RECORDS FOR THE TASK Block Start
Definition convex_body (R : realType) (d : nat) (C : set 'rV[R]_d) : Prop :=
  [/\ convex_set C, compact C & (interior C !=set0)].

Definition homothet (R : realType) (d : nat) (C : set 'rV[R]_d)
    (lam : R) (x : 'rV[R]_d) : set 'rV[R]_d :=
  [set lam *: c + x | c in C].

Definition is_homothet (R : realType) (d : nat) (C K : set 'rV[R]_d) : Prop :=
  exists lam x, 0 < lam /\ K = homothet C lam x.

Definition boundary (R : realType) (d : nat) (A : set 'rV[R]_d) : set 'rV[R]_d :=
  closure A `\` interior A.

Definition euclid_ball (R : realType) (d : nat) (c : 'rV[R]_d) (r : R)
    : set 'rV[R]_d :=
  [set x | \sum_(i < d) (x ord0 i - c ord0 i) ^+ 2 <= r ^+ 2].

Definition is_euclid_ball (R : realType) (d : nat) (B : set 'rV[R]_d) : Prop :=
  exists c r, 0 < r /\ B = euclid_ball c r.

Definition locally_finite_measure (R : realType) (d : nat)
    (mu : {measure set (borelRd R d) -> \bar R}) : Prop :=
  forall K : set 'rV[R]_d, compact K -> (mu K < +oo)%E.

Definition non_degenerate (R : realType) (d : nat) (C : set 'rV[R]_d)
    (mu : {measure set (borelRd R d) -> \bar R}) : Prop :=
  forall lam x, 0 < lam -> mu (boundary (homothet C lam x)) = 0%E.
RECORDS FOR THE TASK Block End
RECORDS FOR THE TASK Block Start
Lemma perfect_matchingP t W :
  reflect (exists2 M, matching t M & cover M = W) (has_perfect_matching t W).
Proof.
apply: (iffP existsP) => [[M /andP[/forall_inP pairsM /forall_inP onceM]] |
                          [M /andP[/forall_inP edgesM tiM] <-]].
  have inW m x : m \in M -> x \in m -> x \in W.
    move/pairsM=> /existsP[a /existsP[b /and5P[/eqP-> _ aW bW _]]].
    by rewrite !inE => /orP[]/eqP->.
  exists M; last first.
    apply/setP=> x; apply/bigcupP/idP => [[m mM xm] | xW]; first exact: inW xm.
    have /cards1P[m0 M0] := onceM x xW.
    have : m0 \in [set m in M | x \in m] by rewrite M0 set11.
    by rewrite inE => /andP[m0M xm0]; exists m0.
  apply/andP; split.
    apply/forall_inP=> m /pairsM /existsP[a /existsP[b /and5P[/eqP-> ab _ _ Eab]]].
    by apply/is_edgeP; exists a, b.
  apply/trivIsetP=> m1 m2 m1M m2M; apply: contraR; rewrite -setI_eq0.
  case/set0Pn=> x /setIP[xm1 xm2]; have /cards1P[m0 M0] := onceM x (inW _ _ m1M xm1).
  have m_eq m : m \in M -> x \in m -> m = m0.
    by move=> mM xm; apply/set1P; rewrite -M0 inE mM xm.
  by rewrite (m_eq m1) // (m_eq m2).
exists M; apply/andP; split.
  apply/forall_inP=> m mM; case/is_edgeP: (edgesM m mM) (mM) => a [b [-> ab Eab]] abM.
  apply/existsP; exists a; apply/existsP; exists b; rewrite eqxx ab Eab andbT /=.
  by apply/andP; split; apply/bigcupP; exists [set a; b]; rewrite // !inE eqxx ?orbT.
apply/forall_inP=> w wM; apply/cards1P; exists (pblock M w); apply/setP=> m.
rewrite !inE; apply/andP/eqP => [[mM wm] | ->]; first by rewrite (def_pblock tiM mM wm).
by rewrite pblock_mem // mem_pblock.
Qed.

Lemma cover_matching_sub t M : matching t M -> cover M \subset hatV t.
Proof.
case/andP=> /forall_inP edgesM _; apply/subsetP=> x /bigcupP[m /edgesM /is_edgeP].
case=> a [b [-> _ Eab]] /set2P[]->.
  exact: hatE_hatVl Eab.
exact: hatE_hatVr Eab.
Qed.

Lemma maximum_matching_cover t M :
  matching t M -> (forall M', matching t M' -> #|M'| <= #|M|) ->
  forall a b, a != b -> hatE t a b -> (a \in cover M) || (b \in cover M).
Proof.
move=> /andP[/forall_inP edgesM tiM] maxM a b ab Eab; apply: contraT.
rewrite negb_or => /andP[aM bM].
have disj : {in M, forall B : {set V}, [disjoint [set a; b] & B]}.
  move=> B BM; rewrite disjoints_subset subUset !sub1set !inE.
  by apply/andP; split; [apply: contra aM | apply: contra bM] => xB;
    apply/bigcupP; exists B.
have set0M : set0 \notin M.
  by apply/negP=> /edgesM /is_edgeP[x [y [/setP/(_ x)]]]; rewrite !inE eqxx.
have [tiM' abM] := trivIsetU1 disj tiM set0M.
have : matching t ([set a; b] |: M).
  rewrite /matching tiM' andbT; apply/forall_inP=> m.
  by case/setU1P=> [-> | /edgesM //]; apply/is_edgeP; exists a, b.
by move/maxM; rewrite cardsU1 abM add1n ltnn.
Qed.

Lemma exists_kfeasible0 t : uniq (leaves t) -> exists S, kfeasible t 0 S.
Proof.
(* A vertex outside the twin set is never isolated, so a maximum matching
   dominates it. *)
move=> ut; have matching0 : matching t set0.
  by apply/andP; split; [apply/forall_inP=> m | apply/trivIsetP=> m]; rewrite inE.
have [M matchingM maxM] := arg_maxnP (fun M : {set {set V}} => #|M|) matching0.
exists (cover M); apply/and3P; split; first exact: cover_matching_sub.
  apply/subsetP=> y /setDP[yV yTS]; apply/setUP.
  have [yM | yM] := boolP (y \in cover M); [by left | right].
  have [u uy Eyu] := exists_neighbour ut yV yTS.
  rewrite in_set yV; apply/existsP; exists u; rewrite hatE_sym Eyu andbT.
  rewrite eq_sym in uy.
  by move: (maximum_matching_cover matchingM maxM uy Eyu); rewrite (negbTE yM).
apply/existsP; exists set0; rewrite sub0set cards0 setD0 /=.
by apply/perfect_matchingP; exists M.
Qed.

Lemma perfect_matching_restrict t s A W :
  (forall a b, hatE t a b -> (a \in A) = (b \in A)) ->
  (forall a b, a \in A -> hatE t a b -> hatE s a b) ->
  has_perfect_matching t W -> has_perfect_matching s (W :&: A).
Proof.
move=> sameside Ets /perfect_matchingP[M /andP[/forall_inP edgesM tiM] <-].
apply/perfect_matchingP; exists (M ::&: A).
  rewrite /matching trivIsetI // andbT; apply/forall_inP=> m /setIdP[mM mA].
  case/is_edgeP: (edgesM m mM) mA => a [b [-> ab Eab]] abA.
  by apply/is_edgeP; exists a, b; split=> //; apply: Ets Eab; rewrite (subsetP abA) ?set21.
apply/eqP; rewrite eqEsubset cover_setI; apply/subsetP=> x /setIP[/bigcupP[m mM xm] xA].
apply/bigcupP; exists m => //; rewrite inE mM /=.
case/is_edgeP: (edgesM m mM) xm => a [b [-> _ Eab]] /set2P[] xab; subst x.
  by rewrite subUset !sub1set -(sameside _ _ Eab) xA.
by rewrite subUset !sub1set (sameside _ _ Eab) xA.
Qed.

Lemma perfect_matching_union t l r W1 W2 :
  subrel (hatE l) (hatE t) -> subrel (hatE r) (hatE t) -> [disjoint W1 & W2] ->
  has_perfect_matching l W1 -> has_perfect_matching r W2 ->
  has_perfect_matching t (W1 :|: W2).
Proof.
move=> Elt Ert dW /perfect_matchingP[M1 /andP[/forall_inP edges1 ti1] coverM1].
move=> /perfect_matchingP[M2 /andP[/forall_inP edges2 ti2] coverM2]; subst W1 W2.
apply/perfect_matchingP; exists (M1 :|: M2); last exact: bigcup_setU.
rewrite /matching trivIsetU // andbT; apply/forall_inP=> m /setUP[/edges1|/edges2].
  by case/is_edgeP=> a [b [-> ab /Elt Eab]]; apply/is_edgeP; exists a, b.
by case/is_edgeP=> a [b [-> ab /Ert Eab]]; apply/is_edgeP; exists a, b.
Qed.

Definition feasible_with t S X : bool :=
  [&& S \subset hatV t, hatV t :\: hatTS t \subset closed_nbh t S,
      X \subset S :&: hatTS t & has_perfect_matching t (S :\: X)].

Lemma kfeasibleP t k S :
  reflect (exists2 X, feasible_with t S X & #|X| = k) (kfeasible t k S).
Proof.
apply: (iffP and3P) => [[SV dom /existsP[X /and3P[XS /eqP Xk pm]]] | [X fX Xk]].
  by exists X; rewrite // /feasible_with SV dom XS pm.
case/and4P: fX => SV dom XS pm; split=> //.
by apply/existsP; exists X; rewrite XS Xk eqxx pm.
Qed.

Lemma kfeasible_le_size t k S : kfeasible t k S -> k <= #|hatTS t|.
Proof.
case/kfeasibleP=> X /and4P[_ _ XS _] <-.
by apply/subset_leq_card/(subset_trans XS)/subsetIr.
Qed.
RECORDS FOR THE TASK Block End
__TASK TO CARRY OUT__. Reproduce only the lines above spanning from the line containing "apply/perfect_matchingP; exists (M1" through the line containing "Definition feasible_with t", word for word.

__ANSWER SPACE__.
apply/perfect_matchingP; exists (M1 :|: M2); last exact: bigcup_setU.
rewrite /matching trivIsetU // andbT; apply/forall_inP=> m /setUP[/edges1|/edges2].
  by case/is_edgeP=> a [b [-> ab /Elt Eab]]; apply/is_edgeP; exists a, b.
by case/is_edgeP=> a [b [-> ab /Ert Eab]]; apply/is_edgeP; exists a, b.
Qed.

Definition feasible_with t S X : bool :=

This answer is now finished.